2b) (Try/Catch with traps).  Repeat all the OS work and call the signal
	handler.  Now, it just needs a table entry describing where to
	jump to to enter the catch block.  Almost all the complexity of
	1b), but without needing the register details.

3a) (Clamp): After doing an operation which could overflow, use a
	conditional branch to do the MIN/MAX operations to bring it back
	within range and then jump back.

3b) (Clamp with trap): Basically the same as 1b), but there's an alternative
	if the clamps are global (MAX_INT/MIN_INT).  The exception handler
	can read the instruction which trapped, figure out the source and
	dest registers, re-do the calculation, and clamp the destination
	to MIN or MAX, and return to just after the instruction which
	trapped.

4a) (Crash): Every operation could overflow needs a conditional branch
	after it to branch to a crashing instruction (or a branch over
	an undefined instruction if there's no overflow).

4b) (Crash with trap): Use operations which trap on overflow.  This takes
	no new instructions and costs no performance.

Basically, all a) cases are:

	op_with_might_overflow();
	if(overflow_happened) {
		handle the overflow
	}

Trapping-on-overflow instructions are clearly useless for languages
which care about overflow.  To save one branch instruction, an entry is
needed to describe how to handle the overflow, which is certainly larger
than a branch instruction.  And the code to "handle the overflow" is
needed in any case.  And this assume some sort of instant lookup--of the
1000 overflow instructions, we need a hash table to look up the address,
which is more overhead.

Trapping on overflow instructions are useful as a debug aid for
languages which don't care about overflow--but then you're optimizing
something nearly useless.  It also might be helpful if global clamping
to MIN/MAX was useful (and I don't think it is).

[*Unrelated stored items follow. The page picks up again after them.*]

Lemma epi_of_surjective {L : form -> Prop} {W V : LKFr L} (f : pmor W V) :
  Surjective f -> epi f.
Proof.
  intros Hf Z g h Hgh v. destruct (Hf v) as [w <-]. apply Hgh.
Qed.

Section Doubling.

Variables (L : form -> Prop) (V : LKFr L) (a : V -> bool).
Hypothesis a_up : forall v v', rel V v v' -> a v = true -> a v' = true.

(* [(v, true)] is the twin of a point [v] outside [a]; twins see twins outside
   [a] and original points inside [a]. *)
Definition doubled : Type := {p : V * bool | snd p = true -> a (fst p) = false}.

Definition doubled_rel (z z' : doubled) : Prop :=
  rel V (fst (proj1_sig z)) (fst (proj1_sig z')) /\
  snd (proj1_sig z') = andb (snd (proj1_sig z)) (negb (a (fst (proj1_sig z')))).

Definition doubled_base (v : V) : doubled :=
  exist (fun p : V * bool => snd p = true -> a (fst p) = false) (v, false)
    (fun H => False_ind _ (Bool.diff_false_true H)).

Definition doubled_twin (v : V) : doubled :=
  exist (fun p : V * bool => snd p = true -> a (fst p) = false) (v, negb (a v))
    (proj1 (Bool.negb_true_iff _)).

Lemma doubled_cases (z : doubled) :
  z = doubled_base (fst (proj1_sig z)) \/ z = doubled_twin (fst (proj1_sig z)).
Proof.
  destruct z as [[v []] Hv]; simpl.
  - right. apply proj1_sig_injective; simpl. rewrite (Hv eq_refl : a v = false). reflexivity.
  - left. apply proj1_sig_injective; reflexivity.
Qed.

Lemma twin_rel_flag (v v' : V) :
  rel V v v' -> negb (a v') = andb (negb (a v)) (negb (a v')).
Proof.
  intros Hvv'. destruct (a v) eqn:Hv; simpl; auto.
  rewrite (a_up v v' Hvv' Hv). reflexivity.
Qed.

Lemma doubled_base_pmorphism : is_pmorphism (rel V) doubled_rel doubled_base.
Proof.
  split.
  - intros v v' Hvv'. split; simpl; auto.
  - intros v [[v' b] Hv'] [Hvv' Hb]; simpl in *.
    exists v'. split; auto. apply proj1_sig_injective; simpl. congruence.
Qed.

Lemma doubled_twin_pmorphism : is_pmorphism (rel V) doubled_rel doubled_twin.
Proof.
  split.
  - intros v v' Hvv'. split; simpl; auto using twin_rel_flag.
  - intros v [[v' b] Hv'] [Hvv' Hb]; simpl in *.
    exists v'. split; auto. apply proj1_sig_injective; simpl.
    rewrite Hb, <- twin_rel_flag; auto.
Qed.

Lemma doubled_locally_finite : locally_finite doubled_rel.
Proof.
  intros z. destruct (lf L V (fst (proj1_sig z))) as [l Hl].
  exists (map doubled_base l ++ map doubled_twin l). intros z' Hzz'.
  assert (Hv' : In (fst (proj1_sig z')) l).
  { apply Hl, (clos_refl_trans_map doubled_rel (rel V) (fun z => fst (proj1_sig z))), Hzz'.
    intros ? ? []; auto. }
  apply in_app_iff. destruct (doubled_cases z') as [E|E]; rewrite E.
  - left; apply in_map, Hv'.
  - right; apply in_map, Hv'.
Qed.

Lemma doubled_validates : frame_validates doubled_rel L.
Proof.
  apply frame_validates_cover. intros z.
  destruct (doubled_cases z) as [E|E]; exists V.
  - exists doubled_base, (fst (proj1_sig z)). split; [exact doubled_base_pmorphism | symmetry; exact E].
  - exists doubled_twin, (fst (proj1_sig z)). split; [exact doubled_twin_pmorphism | symmetry; exact E].
Qed.

Definition Doubled : LKFr L :=
  {| carrier := doubled; rel := doubled_rel;
     lf := doubled_locally_finite; validL := doubled_validates |}.

Definition base : pmor V Doubled :=
  {| pfun := doubled_base : V -> Doubled; pmor_prop := doubled_base_pmorphism |}.

Definition twin : pmor V Doubled :=
  {| pfun := doubled_twin : V -> Doubled; pmor_prop := doubled_twin_pmorphism |}.

Lemma base_eq_twin (v : V) : base v = twin v <-> a v = true.
Proof.
  simpl. split.
  - intros E. apply (f_equal (fun z => snd (proj1_sig z))) in E; simpl in E.
    destruct (a v); auto.
  - intros Hv. apply proj1_sig_injective; simpl. rewrite Hv. reflexivity.
Qed.

End Doubling.

Lemma epi_surjective {L : form -> Prop} {W V : LKFr L} (f : pmor W V) :
  epi f -> Surjective f.
Proof.
  intros Hf v.
  set (in_image := fun v => if excluded_middle_informative (exists w, f w = v) then true else false).
  assert (Hin : forall v, in_image v = true <-> exists w, f w = v).
  { intros v'. unfold in_image. destruct (excluded_middle_informative _); intuition discriminate. }
  assert (Hup : forall v v', rel V v v' -> in_image v = true -> in_image v' = true).
  { intros v1 v2 H12. rewrite !Hin. apply (pmorphism_image_up _ _ _ _ _ (pmor_prop W V f) _ _ H12). }
  apply Hin, (base_eq_twin L V in_image Hup).
  apply (Hf _ (base L V in_image Hup) (twin L V in_image Hup)).
  intros w. apply base_eq_twin, Hin. eauto.
Qed.

Section Equalizer.

Variables (L : form -> Prop) (V Z : LKFr L) (g h : pmor V Z).

Definition equalized : Type :=
  {v : V | forall v', clos_refl_trans V (rel V) v v' -> g v' = h v'}.
Lemma wz_F_succ_n (n k : nat) :
  wz_F q (S n) k = wz_F q n k * wz_shift_n q (q ^ n) (q ^ k).
Proof.
  pose proof sqrt_q_bounds. pose proof (pow_q_bounds k).
  destruct (wz_denominators_pos n k) as (_ & Hn & H2n & H2n1 & Hnk).
  assert (0 < qpoch (sqrt q * q ^ k) q (n + 1)) by (apply qpoch_pos; nra).
  assert (0 < qpoch q q n) by (apply qpoch_pos; lra).
  assert (0 < qpoch q q (2 * n)) by (apply qpoch_pos; lra).
  assert (Hsq : forall m, (q ^ m) ^ 2 = q ^ (2 * m)) by (intros m; rewrite <- pow_mult; f_equal; lia).
  assert (Hexp : q ^ (S n * S n + S n) = q ^ (n * n + n) * (q * q ^ n) ^ 2).
  { change (q * q ^ n) with (q ^ S n). rewrite Hsq, <- pow_add. f_equal; lia. }
  assert (Hfac2 : qpoch q q (2 * S n)
                  = qpoch q q (2 * n) * (1 - q * (q ^ n) ^ 2) * (1 - (q * q ^ n) ^ 2)).
  { replace (2 * S n)%nat with (S (S (2 * n))) by lia.
    change (qpoch q q (S (S (2 * n))))
      with (qpoch q q (2 * n) * (1 - q * q ^ (2 * n)) * (1 - q * (q * q ^ (2 * n)))).
    rewrite <- Hsq. ring. }
  assert (Hgeom : q ^ ((2 * S n + 1) * k) = q ^ ((2 * n + 1) * k) * (q ^ k) ^ 2).
  { rewrite Hsq, <- pow_add. f_equal; lia. }
  assert (Hfac3 : qpoch (sqrt q * q ^ k) q (S n + 1)
                  = qpoch (sqrt q * q ^ k) q (n + 1) * (1 - sqrt q * q ^ k * (q * q ^ n))).
  { rewrite <- pow_q_succ. reflexivity. }
  unfold wz_F, wz_shift_n.
  rewrite Hexp, Hfac2, Hgeom, Hfac3.
  change (qpoch q q (S n)) with (qpoch q q n * (1 - q * q ^ n)).
  field. repeat split; apply Rgt_not_eq; assumption.
Qed.

Lemma wz_F_pair (n k : nat) :
  wz_F q n k - wz_F q (S n) k = wz_G q n k - wz_G q n (S k).
Proof.
  destruct (wz_denominators_pos n k) as (_ & _ & H2n & H2n1 & Hnk).
  unfold wz_G. rewrite wz_F_succ_n, wz_F_succ_k.
  change (q ^ S k) with (q * q ^ k).
  transitivity (wz_F q n k * (1 - wz_shift_n q (q ^ n) (q ^ k))); [ring|].
  rewrite wz_certificate by lra. ring.
Qed.

Lemma wz_F_0 (k : nat) : wz_F q 0 k = lhs_term q k.
Proof.
  destruct (wz_denominators_pos 0 k) as (Hk & _).
  unfold wz_F, lhs_term. simpl. rewrite Nat.add_0_r.
  field. apply Rgt_not_eq. lra.
Qed.
(* Let $F_0,F_1$ be an affine pair of communicating SR-machines. If the protocol is deadlock-free, then it has the bounded channel property if and only if neither $F_0$ nor $F_1$ has a send cycle.
   Context: A pair of communicating SR-machines is a CFSM protocol with communication graph having nodes $\{0,1\}$ and two edges $\alpha$ (from $0$ to $1$) and $\beta$ (from $1$ to $0$), disjoint finite message alphabets $M_\alpha,M_\beta$, and two finite state machines $F_j=(K_j,\Sigma_j,T_j,h_j)$, $j=0,1$, with $\Sigma_0=\{-b:b\in M_\alpha\}\cup\{+b:b\in M_\beta\}$, $\Sigma_1=\{-b:b\in M_\beta\}\cup\{+b:b\in M_\alpha\}$, $K_j$ finite, $h_j\in K_j$ initial, $T_j\subseteq K_j\times\Sigma_j\times K_j$ (transitions written $p\xrightarrow{e}q$; $+b$ = receive, $-b$ = send; $p\xrightarrow{w}q$ for $w\in\Sigma_j^*$ means a directed path labelled $w$). A state is a send state if it has no outgoing $+b$ transition and a receive state if it has no outgoing $-b$ transition. $F_j$ is an SR-machine if every state is a send or a receive state, its transition diagram is strongly connected, and $p\xrightarrow{e}q_1$, $p\xrightarrow{e}q_2$ imply $q_1=q_2$. Global states are $((p_0,p_1),(x_\alpha,x_\beta))$; initially $((h_0,h_1),(\lambda,\lambda))$. A step is either a send (a machine performs $p\xrightarrow{-b}q$ and $b$ is appended to its output channel: $\alpha$ for $F_0$, $\beta$ for $F_1$) or a receive (a machine performs $p\xrightarrow{+b}q$ and $b$ is removed from the front of its input channel, $\beta$ for $F_0$, $\alpha$ for $F_1$, which must begin with $b$); the other machine is unchanged. Reachable means reachable from the initial global state. A global state is deadlocked if both components are receive states and both channels are empty; the protocol is deadlock-free if no deadlocked global state is reachable. It has the bounded channel property if $|x_\alpha|+|x_\beta|$ is bounded over all reachable global states. $\pi_\alpha(w)$ (resp. $\pi_\beta(w)$) is the string of symbols of $M_\alpha$ (resp. $M_\beta$) occurring in $w$, in order, signs removed; $\mathbf Z_j=\{(\pi_\alpha(w),\pi_\beta(w)): h_j\xrightarrow{w}h_j \text{ in } F_j\}$; the pair is affine if $\mathbf Z_0=\mathbf Z_1$. A send cycle of $F_j$ is a directed cycle in its transition diagram all of whose labels are of the form $-b$. *)

From mathcomp Require Import all_boot.
Set Implicit Arguments. Unset Strict Implicit. Unset Printing Implicit Defensive.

Instruction sets which make detecting overflow difficult (say, RISC-V),
would do well to make branch-on-overflow efficient and easy.  But adding
trap-on-overflow instructions is a waste of effort.

Note that using traps on data access violations which are "fixed" by
signal handlers CAN work out.  They are slow, but as long as the
exception handler can fix the access violation and return right to the
instruction which failed (without needing to know ANYTHING about that
instruction in particular), this can work fine.  But integer overflow
doesn't work like that--it's generally not possible to figure out
in the trap handler what to do without more information.